Behind AT&T’s Record-Breaking Super Bowl LVIII Connectivity: Nokia’s Varinder Kumar Sharma and His 24×7 Technical Team

When tens of thousands of fans packed Allegiant Stadium in Las Vegas on February 11, 2024, seamless connectivity was never a coincidence, it was the result of months of preparation led by one Nokia engineer.
Super Bowl LVIII set a new benchmark for connected events. According to Extreme Networks, the NFL’s Official Wi-Fi Analytics Provider, 44,157 devices connected to Allegiant Stadium’s Wi-Fi network, consuming 34.8 terabytes of data, a 19.4% jump in per-device consumption compared to the prior year (Stadium Tech Report, February 2024). Keeping AT&T’s cellular network performing reliably through that level of demand was the responsibility of Nokia Technical Manager Varinder Kumar Sharma and his round-the-clock engineering team.
Sharma personally directed the technical support operation that kept AT&T’s cellular network performing through one of the most data-intensive events in the world. With Nokia RAN engineering teams coordinated across multiple time zones, Sharma served as the single point of escalation, the decision-making authority ensuring that fan devices, broadcast media systems, and emergency communications all remained connected from kickoff to the final whistle.
“The real complexity isn’t just volume. It’s unpredictability. Every type of traffic can peak at once fan uploads, broadcast transfers, mobile streaming, and emergency communications. The challenge is ensuring the network remains stable when demand surges across all of them simultaneously.”
The Nokia technical deployment supporting AT&T combined high-capacity Radio Access Network (RAN) systems within the stadium with Distributed Antenna System (DAS) nodes spread across event zones, transportation hubs, and media broadcast centers across the Las Vegas metro. The architecture incorporated multiple layers of redundancy and automated failover, with emergency service communications given protected priority lanes, independent of general consumer traffic at all times.
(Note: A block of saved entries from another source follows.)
(* In the standing setting, suppose $0<\alpha_k\le\frac1{2M\tilde L}$ for all $k\ge0$. Fix $\ell\in\{1,\dots,N\}$ and $n\ge0$, and define the numbers $A_k,B_k,C_k$ ($0\le k\le n$) as in the context. Then for every $k\in\{0,\dots,n\}$, almost surely $$\mathbb{E}[\langle x_{n+1}-x_*,v_\ell\rangle^2\mid x_k]\le A_k\langle x_k-x_*,v_\ell\rangle^2+B_k\|x_k-x_*\|^2+C_k.$$ In particular (case $k=0$), $\mathbb{E}[\langle x_{n+1}-x_*,v_\ell\rangle^2]\le A_0\langle x_0-x_*,v_\ell\rangle^2+B_0\|x_0-x_*\|^2+C_0$.
   Context: Standing setting: $M\ge N$, $A\in\mathbb{R}^{M\times N}$ of full column rank with rows $a_1,\dots,a_M$, $b\in\mathbb{R}^M$, $F(x)=\tfrac12\|Ax-b\|^2$, $x_*$ the unique minimizer, $F_*=F(x_* )$. Singular values $\sigma_1\ge\dots\ge\sigma_N>0$ with orthonormal right singular vectors $v_1,\dots,v_N$; $\sigma_{\max}=\sigma_1$, $\sigma_{\min}=\sigma_N$, $c(A)=\sigma_{\max}^2/\sigma_{\min}^2$, $\tilde L=\max_i\|a_i\|^2$. $f_i(x)=\frac M2(\langle a_i,x\rangle-b_i)^2$; $\sigma^2=\frac1M\sum_i\|\nabla f_i(x_* )\|^2$. SGD: deterministic $x_0$, deterministic step sizes $\alpha_k>0$, $i_k$ i.i.d. uniform on $\{1,\dots,M\}$, $x_{k+1}=x_k-\alpha_k\nabla f_{i_k}(x_k)$. For $\alpha>0$ put $A(\alpha)=1-2\alpha\sigma_\ell^2$, $B(\alpha)=\alpha^2M\tilde Lc(A)\sigma_{\max}^2$, $C(\alpha)=2\alpha^2M\tilde LF_*$, $p(\alpha)=1-\alpha\sigma_{\min}^2$, $q(\alpha)=2\alpha^2\sigma^2$. For fixed $n$ and $0\le k\le n$: $A_k=\prod_{i=k}^nA(\alpha_i)$; $B_k=\sum_{j=k}^n\Big(\prod_{i=j+1}^nA(\alpha_i)\Big)B(\alpha_j)\Big(\prod_{i=k}^{j-1}p(\alpha_i)\Big)$; $C_k=\sum_{i=k+1}^n\big(q(\alpha_{i-1})B_i+A_iC(\alpha_{i-1})\big)+C(\alpha_n)$ (empty products equal $1$, empty sums $0$). *)

From HB Require Import structures.
From mathcomp Require Import all_boot all_order all_algebra.
From mathcomp Require Import reals.
Set Implicit Arguments. Unset Strict Implicit. Unset Printing Implicit Defensive.
Import Order.TTheory GRing.Theory Num.Theory.
Local Open Scope ring_scope.

Section SGD.
Variable R : realType.

Definition dotv (N : nat) (u w : 'cV[R]_N) : R := \sum_(i < N) u i 0 * w i 0.
Definition norm2 (N : nat) (u : 'cV[R]_N) : R := dotv u u.

Variables (M N : nat) (A : 'M[R]_(M, N)) (b : 'cV[R]_M).

Definition arow (i : 'I_M) : 'cV[R]_N := (row i A)^T.

Definition lsF (x : 'cV[R]_N) : R := 2^-1 * norm2 (A *m x - b).

Definition f_i (i : 'I_M) (x : 'cV[R]_N) : R :=
  (M%:R / 2) * (dotv (arow i) x - b i 0) ^+ 2.
Definition grad_f (i : 'I_M) (x : 'cV[R]_N) : 'cV[R]_N :=
  (M%:R * (dotv (arow i) x - b i 0)) *: arow i.

Definition Ltilde : R := \big[Num.max/0]_(i < M) norm2 (arow i).

Definition sgd_noise (xs : 'cV[R]_N) : R :=
  M%:R^-1 * \sum_(i < M) norm2 (grad_f i xs).

Fixpoint sgd_iter (n : nat) (x0 : 'cV[R]_N) (alpha : nat -> R)
    (omega : {ffun 'I_n.+1 -> 'I_M}) (k : nat) : 'cV[R]_N :=
  match k with
  | 0 => x0
  | k'.+1 => let xk := sgd_iter x0 alpha omega k' in
             xk - alpha k' *: grad_f (omega (inord k')) xk
  end.

End SGD.

(* Discrete probability: uniform measure on the finite sample space
   Omega = {ffun 'I_n.+1 -> 'I_M} of index sequences (i_0,...,i_n), i.i.d. uniform. *)
Section Prob.
Variables (R : realType) (Omega : finType).

Definition expect (Y : Omega -> R) : R :=
  (\sum_(w : Omega) Y w) / #|Omega|%:R.

Definition cond_exp (T : eqType) (Y : Omega -> R) (X : Omega -> T) (w : Omega) : R :=
  (\sum_(w' : Omega | X w' == X w) Y w') / #|[pred w' | X w' == X w]|%:R.
End Prob.

Section Coeffs.
Variables (R : realType) (M : nat) (Lt cA smax smin sl Fstar sig2 : R).
Variable alpha : nat -> R.
Variable n : nat.
(* Let $G=(V,E,T,c)$ be a $k$-terminal network and let $S\subset T$ with $S\neq\emptyset,T$. Then there exists a component $C\in CC(E_S)$ that is elementary, i.e. $\delta(C)=E_{C\cap T}$ and $|CC(\delta(C))|=2$.
   Context: A $k$-terminal network $G=(V,E,T,c)$ is a finite connected undirected graph $(V,E)$ with edge weights (capacities) $c:E\to\mathbb{R}_{>0}$ and a set $T\subseteq V$ of $|T|=k$ terminals. For $F\subseteq E$ let $c(F)=\sum_{e\in F}c(e)$; for $W\subseteq V$ let $\delta(W)$ be the set of edges with exactly one endpoint in $W$. For $S\subset T$ with $S\neq\emptyset,T$, write $\bar S=T\setminus S$; a cut $(W,V\setminus W)$ is $S$-separating if $W\cap T\in\{S,\bar S\}$, and $\mathrm{mincut}_G(S)$ is the minimum of $c(\delta(W))$ over all $S$-separating cuts. It is assumed (e.g. by a generic perturbation of the weights) that the minimizing cutset is unique; it is denoted $E_S$ (so $E_S=E_{\bar S}$). For $F\subseteq E$, $CC(F)$ denotes the set of vertex sets of connected components of $(V,E\setminus F)$. *)

From HB Require Import structures.
From mathcomp Require Import all_boot all_order all_algebra.
Set Implicit Arguments. Unset Strict Implicit. Unset Printing Implicit Defensive.
Import Order.TTheory GRing.Theory Num.Theory.

(* A network: vertex type V, edge type E, each edge e joins the endpoints
   eu e and ev e (undirected). *)
Section Network.
Variables (V E : finType) (R : realFieldType).
Variables (eu ev : E -> V) (c : E -> R).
Super Bowl LVIII was not Sharma’s first rodeo. He previously held the same Technical Manager role for the AT&T Super Bowl LII deployment at U.S. Bank Stadium in Minneapolis in 2018, one of the few Nokia Technical Managers to have led the AT&T Super Bowl technical support operation across two separate deployments. Earlier in his career, Sharma led T-Mobile’s commercial Voice over LTE (VoLTE) launch in 2014 making T-Mobile the first major national U.S. carrier to offer VoLTE at scale, a technically complex deployment that required solving fundamental interoperability and signaling challenges across Nokia’s RAN infrastructure and T-Mobile’s core network.
“What mattered most was making the network invisible. If fans can share every moment and emergency teams can rely on the system when it matters most, the network is doing exactly what it was designed to do.”
Throughout Super Bowl LVIII weekend, the network sustained stable connectivity across fan devices, broadcast operations, and emergency communications through the highest demand peaks of the event. The Super Bowl LVIII technical support team, including Sharma, was formally recognised with Nokia’s ACE Team Award for Q1 2024, presented by Samir Kumar, Head of MN Americas Market Delivery, specifically citing “AT&T Superbowl Success.” Separately, in 2017, Nokia’s North America leadership team named Sharma Individual Innovation Winner of the ACE Award, the program’s highest individual distinction, for his invention of the Cloud-Based BTS Snapshot Analyzer, a proprietary diagnostic tool he developed for Nokia’s North America services operations.
The ACE program, overseen by Nokia’s Head of NAM Services, recognises a select number of individuals and teams each quarter whose achievements stand out across the entire North America organisation. Sharma’s technical leadership has also drawn independent recognition beyond Nokia: Jasen Virasawmy, Senior Manager of Radio Access Network at T-Mobile, formally commended Sharma’s team for going “Above and beyond their normal scope” in resolving a critical VoLTE voice quality issue affecting T-Mobile’s national subscriber base, recognition Virasawmy reinforced by noting the team “Represent themselves and Nokia invaluably in their functions while putting the customer first.”
Sharma brings 23+ years of telecommunications experience spanning GSM through 5G and is a Senior Member of IEEE, a distinction held by fewer than 8% of the global membership. Complementing his technical depth, he holds an MBA from Texas A&M University and a Post Graduate Program in Cloud Computing from The University of Texas at Austin, a combination that positions him at the intersection of network engineering, cloud-native infrastructure, and strategic leadership increasingly demanded by the industry’s AI-driven future. He is the author of 5G Network Technology and Beyond: Applications, Architecture, and Future Horizons (2026), available through Amazon and Barnes & Noble.
As the industry moves toward AI-assisted network operations and autonomous infrastructure, the engineering principles demonstrated at Super Bowl LVIII distributed resilience, multi-layer redundancy, and around-the-clock operational coordination, are increasingly adopted as the operational model for high-density connectivity deployments globally.